**Dataset extract**
------------------------------------------------------------

(* Let $G$ be a finite two-player zero-sum extensive form game with perfect recall, and run CFR or CFR$^+$ with alternating updates (Player 1 updated first) on $G$. Let $t\ge 0$ and let $p$ be the player about to be updated at time $t$, let $\sigma^t_p$ be $p$'s current strategy, and let $\sigma_o$ be the opponent strategy used in $p$'s update values, i.e. $\sigma_o=\sigma^t_2$ if $p=1$ and $\sigma_o=\sigma^{t+1}_1$ if $p=2$. Then for every information set $I$ of player $p$ and every $a\in A(I)$, $$v^{(\sigma^{t+1}_p,\sigma_o)}(I)_a\ge v^{(\sigma^t_p,\sigma_o)}(I)_a.$$
   Context: Extensive form game: a finite tree of histories $h$ (sequences of actions from the root $\emptyset$), terminal histories $Z$, actions $A(h)$ at nonterminal $h$, an acting player $P(h)\in\{1,2,c\}$ where $c$ is chance acting with fixed probabilities, utilities $u_1(z)=-u_2(z)$ at terminals, and for each player a partition of that player's histories into information sets $I$ (all $h\in I$ share the same legal actions $A(I)$). Perfect recall: any two histories in one information set of player $p$ pass through the same sequence of player-$p$ information sets and player-$p$ actions. A strategy $\sigma_p$ gives a distribution $\boldsymbol{\sigma}_p(I)$ over $A(I)$ for each player-$p$ information set. For a profile $\boldsymbol{\sigma}$ and terminal $z$, $\pi^{\boldsymbol\sigma}_{-p}(z)$ is the product of the probabilities of all actions on the path to $z$ taken by chance and by $p$'s opponent; for $h\sqsubseteq z$, $\pi^{\boldsymbol\sigma}_p(z\mid h)$ is the product of the probabilities under $\sigma_p$ of player $p$'s actions on the path from $h$ to $z$. Counterfactual values: $v^{\boldsymbol\sigma}_p(h):=\sum_{z\in Z,\,h\sqsubseteq z}\pi^{\boldsymbol\sigma}_{-p}(z)\pi^{\boldsymbol\sigma}_p(z\mid h)u_p(z)$, and for an information set $I$ of player $p$ the vector $\boldsymbol{v}^{\boldsymbol\sigma}(I)$ with components $v^{\boldsymbol\sigma}(I)_a:=\sum_{h\in I}v^{\boldsymbol\sigma}_p(ha)$, $a\in A(I)$. Let $x^+=\max(x,0)$ componentwise and $\boldsymbol{\sigma}_{\mathrm{rm}}(\boldsymbol{x}):=\boldsymbol{x}^+/(\boldsymbol{1}\cdot\boldsymbol{x}^+)$ if some $x_a>0$, else $\boldsymbol{1}/|A|$. CFR with alternating updates keeps for each information set $I$ a vector $\boldsymbol{r}^t(I)$ with $\boldsymbol{r}^0(I)=\boldsymbol 0$, plays $\boldsymbol\sigma^t(I)=\boldsymbol{\sigma}_{\mathrm{rm}}(\boldsymbol{r}^t(I))$, and updates $\boldsymbol{r}^{t+1}(I)=\boldsymbol{r}^t(I)+\boldsymbol{v}^t(I)-(\boldsymbol\sigma^t(I)\cdot\boldsymbol{v}^t(I))\boldsymbol 1$; CFR$^+$ instead keeps $\boldsymbol{q}^t(I)$ with $\boldsymbol{q}^0(I)=\boldsymbol 0$, $\boldsymbol\sigma^t(I)=\boldsymbol{\sigma}_{\mathrm{rm}}(\boldsymbol{q}^t(I))$, $\boldsymbol{q}^{t+1}(I)=(\boldsymbol{q}^t(I)+\boldsymbol{v}^t(I)-(\boldsymbol\sigma^t(I)\cdot\boldsymbol{v}^t(I))\boldsymbol 1)^+$. In both, the update values are $\boldsymbol{v}^t(I)=\boldsymbol{v}^{(\sigma^t_1,\sigma^t_2)}(I)$ if $I$ belongs to Player 1 and $\boldsymbol{v}^t(I)=\boldsymbol{v}^{(\sigma^{t+1}_1,\sigma^t_2)}(I)$ if $I$ belongs to Player 2 (so Player 1's new strategy $\sigma^{t+1}_1$ is computed first). *)

From HB Require Import structures.
From mathcomp Require Import all_boot all_order all_algebra.
Set Implicit Arguments. Unset Strict Implicit. Unset Printing Implicit Defensive.
Import Order.TTheory GRing.Theory Num.Theory.
Local Open Scope ring_scope.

------------------------------------------------------------

**What is needed**
Only the lines from the one holding "Set Implicit Arguments." through the end of the listing should appear in the response, each restated exactly.

**Response area**
Set Implicit Arguments. Unset Strict Implicit. Unset Printing Implicit Defensive.
Import Order.TTheory GRing.Theory Num.Theory.
Local Open Scope ring_scope.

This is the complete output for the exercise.